> _WHAT THIS TASK INVOLVES_: Copy down all of the data underneath, exactly as shown.

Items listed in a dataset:
· · ·

(* Let $n>1$, let $D$ be a set, and let $f:\mathcal{S}^n\to D$ be a multidimensional rightward function. Let $\iota':\mathcal{S}^n\to\mathcal{S}^{n-1}$ be defined by $\iota'(\sigma\bullet[\delta])=\delta$ for all $\sigma\in\mathcal{S}^n$, $\delta\in\mathcal{S}^{n-1}$. Then the function product $f\times\iota'$, given by $(f\times\iota')(\sigma)=(f(\sigma),\iota'(\sigma))$ with values in $D\times\mathcal{S}^{n-1}$, is memoryless.
   Context: $\mathit{Sc}$ is a set of scalars. $\mathcal{S}^0=\mathit{Sc}$, $\mathcal{S}^n$ ($n\ge1$) is the set of finite sequences of elements of $\mathcal{S}^{n-1}$; $\bullet$ is concatenation, $[\delta]$ a one-element sequence. A function on sequences is rightward if there is $\oplus'$ with $F(x\bullet[a])=F(x)\oplus' a$ for all $x,a$; leftward if there is $\otimes'$ with $F([a]\bullet x)=a\otimes' F(x)$. $f:\mathcal{S}^n\to D$ ($n>1$) is multidimensional rightward if there exist a family $\mathbb{G}:D\to(\mathcal{S}^{n-1}\to D)$ of rightward (or leftward) functions and $\otimes:D\times D\to D$ such that $f(\sigma\bullet[\delta])=f(\sigma)\otimes\mathbb{G}(f(\sigma))(\delta)$ for all $\sigma,\delta$. A function $F:\mathcal{S}^n\to E$ is memoryless if there exist a rightward or leftward $g:\mathcal{S}^{n-1}\to E$ and $\oplus:E\times E\to E$ with $F(\sigma\bullet[\delta])=F(\sigma)\oplus g(\delta)$ for all $\sigma\in\mathcal{S}^n,\delta\in\mathcal{S}^{n-1}$. *)

From mathcomp Require Import all_boot.
Set Implicit Arguments. Unset Strict Implicit. Unset Printing Implicit Defensive.

Fixpoint Seqs (Sc : Type) (n : nat) : Type :=
  match n with 0 => Sc | k.+1 => seq (Seqs Sc k) end.

(* F(x • [a]) = F(x) ⊕' a ;  x • [a] is rcons x a *)
Definition rightward (T E : Type) (F : seq T -> E) : Prop :=
  exists op : E -> T -> E, forall x a, F (rcons x a) = op (F x) a.

Definition leftward (T E : Type) (F : seq T -> E) : Prop :=
  exists op : T -> E -> E, forall x a, F (a :: x) = op a (F x).

(* f : S^n -> D with S^n = seq S^(n-1), S^(n-1) = seq T *)
Definition multidim_rightward (T D : Type) (f : seq (seq T) -> D) : Prop :=
  exists (G : D -> seq T -> D) (otimes : D -> D -> D),
    (forall d, rightward (G d) \/ leftward (G d)) /\
    forall sigma delta, f (rcons sigma delta) = otimes (f sigma) (G (f sigma) delta).

Definition memoryless (T E : Type) (F : seq (seq T) -> E) : Prop :=
  exists (g : seq T -> E) (oplus : E -> E -> E),
    (rightward g \/ leftward g) /\
    forall sigma delta, F (rcons sigma delta) = oplus (F sigma) (g delta).

From mathcomp Require Import all_boot.

Lemma rightward_id (T : Type) : rightward (@id (seq T)).
Proof. by exists (@rcons T). Qed.

Lemma rightward_pairl (T C E : Type) (c : C) (F : seq T -> E) :
  rightward F -> rightward (fun x => (c, F x)).
Proof.
move=> [op opE]; exists (fun p a => (p.1, op p.2 a)) => x a.
by rewrite opE.
Qed.

(* The first component carries all the memory: f (σ • [δ]) is computed from
   f σ and δ alone, so g δ need only remember δ; the shape of the family G is
   irrelevant. *)
Lemma multidim_rightward_pair_last_memoryless (T D : Type)
    (f : seq (seq T) -> D) (last_block : seq (seq T) -> seq T) :
  multidim_rightward f ->
  (forall sigma delta, last_block (rcons sigma delta) = delta) ->
  memoryless (fun sigma => (f sigma, last_block sigma)).
Proof.
move=> [G [otimes [_ fE]]] lastE.
exists (fun delta => (f [::], delta)),
       (fun p q => (otimes p.1 (G p.1 q.2), q.2)).
split; first by left; apply/rightward_pairl/rightward_id.
by move=> sigma delta; rewrite fE lastE.
Qed.

(* n = k.+2 ranges exactly over n > 1 *)
Theorem proposition5p6 (Sc : Type) (k : nat) (D : Type)
    (f : Seqs Sc k.+2 -> D) (iota' : Seqs Sc k.+2 -> Seqs Sc k.+1) :
  multidim_rightward f ->
  (forall (sigma : Seqs Sc k.+2) (delta : Seqs Sc k.+1),
      iota' (rcons sigma delta) = delta) ->
  memoryless (fun sigma : Seqs Sc k.+2 => (f sigma, iota' sigma)).
Proof. exact: multidim_rightward_pair_last_memoryless. Qed.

· · ·

> _RESPONSE TO THIS TASK_:
(* Let $n>1$, let $D$ be a set, and let $f:\mathcal{S}^n\to D$ be a multidimensional rightward function. Let $\iota':\mathcal{S}^n\to\mathcal{S}^{n-1}$ be defined by $\iota'(\sigma\bullet[\delta])=\delta$ for all $\sigma\in\mathcal{S}^n$, $\delta\in\mathcal{S}^{n-1}$. Then the function product $f\times\iota'$, given by $(f\times\iota')(\sigma)=(f(\sigma),\iota'(\sigma))$ with values in $D\times\mathcal{S}^{n-1}$, is memoryless.
   Context: $\mathit{Sc}$ is a set of scalars. $\mathcal{S}^0=\mathit{Sc}$, $\mathcal{S}^n$ ($n\ge1$) is the set of finite sequences of elements of $\mathcal{S}^{n-1}$; $\bullet$ is concatenation, $[\delta]$ a one-element sequence. A function on sequences is rightward if there is $\oplus'$ with $F(x\bullet[a])=F(x)\oplus' a$ for all $x,a$; leftward if there is $\otimes'$ with $F([a]\bullet x)=a\otimes' F(x)$. $f:\mathcal{S}^n\to D$ ($n>1$) is multidimensional rightward if there exist a family $\mathbb{G}:D\to(\mathcal{S}^{n-1}\to D)$ of rightward (or leftward) functions and $\otimes:D\times D\to D$ such that $f(\sigma\bullet[\delta])=f(\sigma)\otimes\mathbb{G}(f(\sigma))(\delta)$ for all $\sigma,\delta$. A function $F:\mathcal{S}^n\to E$ is memoryless if there exist a rightward or leftward $g:\mathcal{S}^{n-1}\to E$ and $\oplus:E\times E\to E$ with $F(\sigma\bullet[\delta])=F(\sigma)\oplus g(\delta)$ for all $\sigma\in\mathcal{S}^n,\delta\in\mathcal{S}^{n-1}$. *)

From mathcomp Require Import all_boot.
Set Implicit Arguments. Unset Strict Implicit. Unset Printing Implicit Defensive.

Fixpoint Seqs (Sc : Type) (n : nat) : Type :=
  match n with 0 => Sc | k.+1 => seq (Seqs Sc k) end.

(* F(x • [a]) = F(x) ⊕' a ;  x • [a] is rcons x a *)
Definition rightward (T E : Type) (F : seq T -> E) : Prop :=
  exists op : E -> T -> E, forall x a, F (rcons x a) = op (F x) a.

Definition leftward (T E : Type) (F : seq T -> E) : Prop :=
  exists op : T -> E -> E, forall x a, F (a :: x) = op a (F x).

(* f : S^n -> D with S^n = seq S^(n-1), S^(n-1) = seq T *)
Definition multidim_rightward (T D : Type) (f : seq (seq T) -> D) : Prop :=
  exists (G : D -> seq T -> D) (otimes : D -> D -> D),
    (forall d, rightward (G d) \/ leftward (G d)) /\
    forall sigma delta, f (rcons sigma delta) = otimes (f sigma) (G (f sigma) delta).

Definition memoryless (T E : Type) (F : seq (seq T) -> E) : Prop :=
  exists (g : seq T -> E) (oplus : E -> E -> E),
    (rightward g \/ leftward g) /\
    forall sigma delta, F (rcons sigma delta) = oplus (F sigma) (g delta).

From mathcomp Require Import all_boot.

Lemma rightward_id (T : Type) : rightward (@id (seq T)).
Proof. by exists (@rcons T). Qed.

Lemma rightward_pairl (T C E : Type) (c : C) (F : seq T -> E) :
  rightward F -> rightward (fun x => (c, F x)).
Proof.
move=> [op opE]; exists (fun p a => (p.1, op p.2 a)) => x a.
by rewrite opE.
Qed.

(* The first component carries all the memory: f (σ • [δ]) is computed from
   f σ and δ alone, so g δ need only remember δ; the shape of the family G is
   irrelevant. *)
Lemma multidim_rightward_pair_last_memoryless (T D : Type)
    (f : seq (seq T) -> D) (last_block : seq (seq T) -> seq T) :
  multidim_rightward f ->
  (forall sigma delta, last_block (rcons sigma delta) = delta) ->
  memoryless (fun sigma => (f sigma, last_block sigma)).
Proof.
move=> [G [otimes [_ fE]]] lastE.
exists (fun delta => (f [::], delta)),
       (fun p q => (otimes p.1 (G p.1 q.2), q.2)).
split; first by left; apply/rightward_pairl/rightward_id.
by move=> sigma delta; rewrite fE lastE.
Qed.

(* n = k.+2 ranges exactly over n > 1 *)
Theorem proposition5p6 (Sc : Type) (k : nat) (D : Type)
    (f : Seqs Sc k.+2 -> D) (iota' : Seqs Sc k.+2 -> Seqs Sc k.+1) :
  multidim_rightward f ->
  (forall (sigma : Seqs Sc k.+2) (delta : Seqs Sc k.+1),
      iota' (rcons sigma delta) = delta) ->
  memoryless (fun sigma : Seqs Sc k.+2 => (f sigma, iota' sigma)).
Proof. exact: multidim_rightward_pair_last_memoryless. Qed.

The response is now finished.